Segment Open

Lemma no_single_pair_tail m1 m2 : #|no_single_set n m1 m2| = #|pair_tail_set m1 m2|.
Proof.
apply: (card_bij (f := split_mult) (g := merge_mult)).
- move=> mu; rewrite inE is_partition_mvals.
  case/and4P => /andP [/eqP mu0 /eqP size_mu] no_single tc1 tc2.
  rewrite inE; have [<- <-] := tail_count_merge (split_mult_agree no_single).
  by rewrite split_mult_shape ?tc1 ?tc2.
- move=> x; rewrite inE => /and3P [shape tc1 tc2].
  rewrite inE; have [-> ->] := tail_count_merge (merge_shape_agree shape).
  by rewrite andbA merge_mult_no_single ?tc1 ?tc2.
- move=> mu; rewrite inE is_partition_mvals.
  by case/and4P => /andP [/eqP mu0 /eqP size_mu] no_single _ _; exact: merge_split_mult.
- by move=> x; rewrite inE => /and3P [shape _ _]; exact: split_merge_mult.
Qed.
End SplitMerge.

Section ConjugateFirst.
Variable n : nat.

Definition pair_set (m1 m2 : nat) : {set mult_fun n * mult_fun n} :=
  [set x | [&& pair_shape x, nparts_mod x.1 3 1 == m1 & nparts_mod x.1 3 2 == m2]].

Definition conj_first (x : mult_fun n * mult_fun n) := (conj_mult x.1, x.2).

Lemma pair_shape_small (x : mult_fun n * mult_fun n) : pair_shape x ->
  mvals x.1 0 = 0 /\ weight n (mvals x.1) <= n.
Proof. by case/and4P => /eqP x1_0 _ _ /eqP size_x; split; lia. Qed.

Lemma pair_shape_conj_first x : pair_shape x -> pair_shape (conj_first x).
Proof.
move=> shape; have [_ small] := pair_shape_small shape.
case/and4P: shape => _ x2_0 distinct /eqP size_x.
by apply/and4P; rewrite /= conj_mult0 weight_conj_mult // size_x.
Qed.

Lemma pair_tail_conj_first m1 m2 : #|pair_tail_set n m1 m2| = #|pair_set m1 m2|.
Proof.
apply: (@card_involution _ (@pair_shape n) _ _ conj_first).
- by move=> x; rewrite inE => /and3P [].
- by move=> x; rewrite inE => /and3P [].
- exact: pair_shape_conj_first.
- move=> x /pair_shape_small [x1_0 small].
  by rewrite /conj_first /= conj_multK // -surjective_pairing.
- move=> x shape; have {}shape : pair_shape x by [].
  have [_ small] := pair_shape_small shape.
  by rewrite !inE pair_shape_conj_first // shape /= !nparts_conj_mult.
Qed.
End ConjugateFirst.

Section Assemble.
Variable n : nat.

(* From nu and D, the partition with parts 2j for each part j of nu with
   3 not dividing j, two parts j for each part j of nu with 3 | j, and a part
   3j for each part j of D; its parts are exactly those = 0, 2, 3, 4 mod 6. *)
Definition assemble (s d : nat -> nat) (t : nat) : nat :=
  if t %% 3 == 0 then 2 * s t + d (t %/ 3) else if t %% 2 == 0 then s (t %/ 2) else 0.

Section AssembleBounded.
Variables s d : nat -> nat.
Hypothesis s_out : forall j, n < 2 * j -> s j = 0.
Hypothesis d_out : forall j, n < 3 * j -> d j = 0.

Lemma assemble_out t : n < t -> assemble s d t = 0.
Proof.
move=> lt_nt; rewrite /assemble; case: ifP => t3.
- by rewrite s_out ?d_out; lia.
- by case: ifP => // t2; apply: s_out; lia.
Qed.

Segment Closed

Every line from the one containing "Definition assemble (s" through the last line above should be retyped exactly; no other lines are wanted.

▸ **Answer for the task**:
Definition assemble (s d : nat -> nat) (t : nat) : nat :=
  if t %% 3 == 0 then 2 * s t + d (t %/ 3) else if t %% 2 == 0 then s (t %/ 2) else 0.

Section AssembleBounded.
Variables s d : nat -> nat.
Hypothesis s_out : forall j, n < 2 * j -> s j = 0.
Hypothesis d_out : forall j, n < 3 * j -> d j = 0.

Lemma assemble_out t : n < t -> assemble s d t = 0.
Proof.
move=> lt_nt; rewrite /assemble; case: ifP => t3.
- by rewrite s_out ?d_out; lia.
- by case: ifP => // t2; apply: s_out; lia.
Qed.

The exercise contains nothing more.